Moonrise over fields, September 2012

Illustrations and illuminations. It's good to celebrate the turning of the Yearwheel. Mabon is the Autumn Equinox, in the old religion on the old calendar. Continuing with explorations of art-making on my digital devices, creating digital paintings and illustrations, and panoramic photo-montages.


Mabon Blessings 2012

Last year I gathered leaves falling from the trees out back in a wicker basket and did a photo shoot with them. This year I took one of these images and painted over it on my iPad, to make this illustration for celebrating the equinox.

I also used some clip art found on the Interweb to make this illustrated poem for the autumn equinox. Fires and memory. Burning piles of fallen leaves. The harvest moon. Cold nights, clear days. All those things that mean autumn in the temperate zones.

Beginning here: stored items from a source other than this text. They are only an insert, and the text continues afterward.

(* An A--B path (Diestel): a path x0 ... xn meeting A exactly in x0 and
   B exactly in xn. *)
Definition is_AB_path (A B : {set V}) (x : V) (p : seq (E * V)) : Prop :=
  [/\ walk x p, uniq (path_verts x p),
      [seq y <- path_verts x p | y \in A] = [:: x] &
      [seq y <- path_verts x p | y \in B] = [:: last x (map snd p)]].

Definition has_AB_path_avoiding (A B : {set V}) (X : {set E}) : Prop :=
  exists x p, is_AB_path A B x p /\ all (fun e => e \notin X) (path_edges p).

End Multigraph.

(* By the edge version of Menger's theorem (proved here by augmenting paths),
   a0 and b0 being k-inequivalent yields a vertex set R with a0 in R, b0 not
   in R, and fewer than k edges leaving R.  Any vertex k-equivalent to a0 is
   joined to it by k edge-disjoint paths, each of which would cross the cut
   if the vertex lay outside R; so A lies inside R and likewise B outside R,
   and the cut edges separate A from B. *)
From mathcomp Require Import all_boot all_order all_algebra.
From mathcomp Require Import ring.

Set Implicit Arguments. Unset Strict Implicit. Unset Printing Implicit Defensive.

Import Order.TTheory GRing.Theory Num.Theory.

Lemma filter_eq_seq1 (T : eqType) (a : pred T) s x : [seq y <- s | a y] = [:: x] -> a x.
Proof. by move=> Hs; have := mem_head x [::]; rewrite -Hs mem_filter => /andP[]. Qed.

Section EdgeMenger.
Local Open Scope ring_scope.

Variables (V E : finType) (ends : E -> V * V).

Local Notation edge_rel := (E -> V -> V -> bool).

Lemma joinsC e a b : joins ends e a b = joins ends e b a.
Proof. by rewrite /joins orbC. Qed.

Lemma joins_ends e : joins ends e (ends e).1 (ends e).2.
Proof. by rewrite /joins; case: (ends e) => a b; rewrite eqxx. Qed.

Definition cut (R : {set V}) := [set e | ((ends e).1 \in R) != ((ends e).2 \in R)].

Fixpoint allsteps (r : edge_rel) x (P : seq (E * V)) : bool :=
  if P is (e, y) :: P' then r e x y && allsteps r y P' else true.

Lemma walkE x P : walk ends x P = allsteps (joins ends) x P.
Proof. by elim: P x => [|[e y] P IH] x //=; rewrite IH. Qed.

Lemma sub_allsteps (r r' : edge_rel) x P :
  (forall e a b, r e a b -> r' e a b) -> allsteps r x P -> allsteps r' x P.
Proof.
move=> Hr; elim: P x => [|[e y] P IH] x //= /andP[He HP].
by rewrite Hr // IH.
Qed.

Lemma path_verts_cons x e y (P : seq (E * V)) :
  path_verts x ((e, y) :: P) = x :: path_verts y P.
Proof. by []. Qed.

Lemma allsteps_edge (r : edge_rel) x P e :
  allsteps r x P -> e \in path_edges P ->
  exists a b, [/\ r e a b, a \in path_verts x P & b \in path_verts x P].
Proof.
elim: P x => [|[e' y] P IH] x //= /andP[Hr HP].
rewrite /path_edges /= inE => /orP[/eqP ->|He].
  by exists x, y; rewrite Hr !inE !eqxx orbT.
have [a [b [Hab Ha Hb]]] := IH _ HP He.
by exists a, b; split; rewrite // path_verts_cons in_cons ?Ha ?Hb orbT.
Qed.

Lemma walk_uniq_edges x P :
  walk ends x P -> uniq (path_verts x P) -> uniq (path_edges P).
Proof.
rewrite walkE; elim: P x => [|[e y] P IH] x //= /andP[Hxy HP].
move=> /andP[Hx Hu]; rewrite /path_edges /= (IH y) // andbT.
apply/negP => /(allsteps_edge HP) [a [b [Hab Ha Hb]]].
have Hx_ab : (x == a) || (x == b).
  by move: Hxy Hab; rewrite /joins => /orP[] /eqP -> /orP[] /eqP[<- <-];
     rewrite eqxx ?orbT.
by case/orP: Hx_ab => /eqP Hxe; move/negP: Hx; rewrite Hxe; apply.
Qed.

Lemma walk_crosses_cut (R : {set V}) x P : walk ends x P ->
  (x \in R) != (last x (map snd P) \in R) ->
  exists2 e, e \in path_edges P & e \in cut R.
Proof.
elim: P x => [|[e y] P IH] x /=; first by rewrite eqxx.
move=> /andP[Hxy HP] Hne; rewrite /path_edges /=.
have [Hs|Hs] := eqVneq (x \in R) (y \in R).
  rewrite Hs in Hne; have [e' He' Hc] := IH _ HP Hne.
  by exists e'; first exact: mem_behead.
exists e; first by rewrite inE eqxx.
by rewrite inE; move: Hxy; rewrite /joins => /orP[] /eqP -> //=; rewrite eq_sym.
Qed.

Then I went back to my original illustration and made some typographic art from it.







Autumn is arriving early this year. It's been an extraordinary year for weather, with a drought and a summer full of record heat, and this fall all the leaves are turning a full month early.



The fields are already harvested; due to the strange summer weather the corn crop was stunted and unhealthy, and partially failed, never growing very tall except in some scattered fields. Now are already brown, or plowed, the hay mown and gathered, and everything ready for winter.



The maple trees are already turning bright colors, although some other species are holding on to their green. Until the dryness in the air turns them directly to brown, with no moments of splendor. The fall colors are already half-over though they've barely begun.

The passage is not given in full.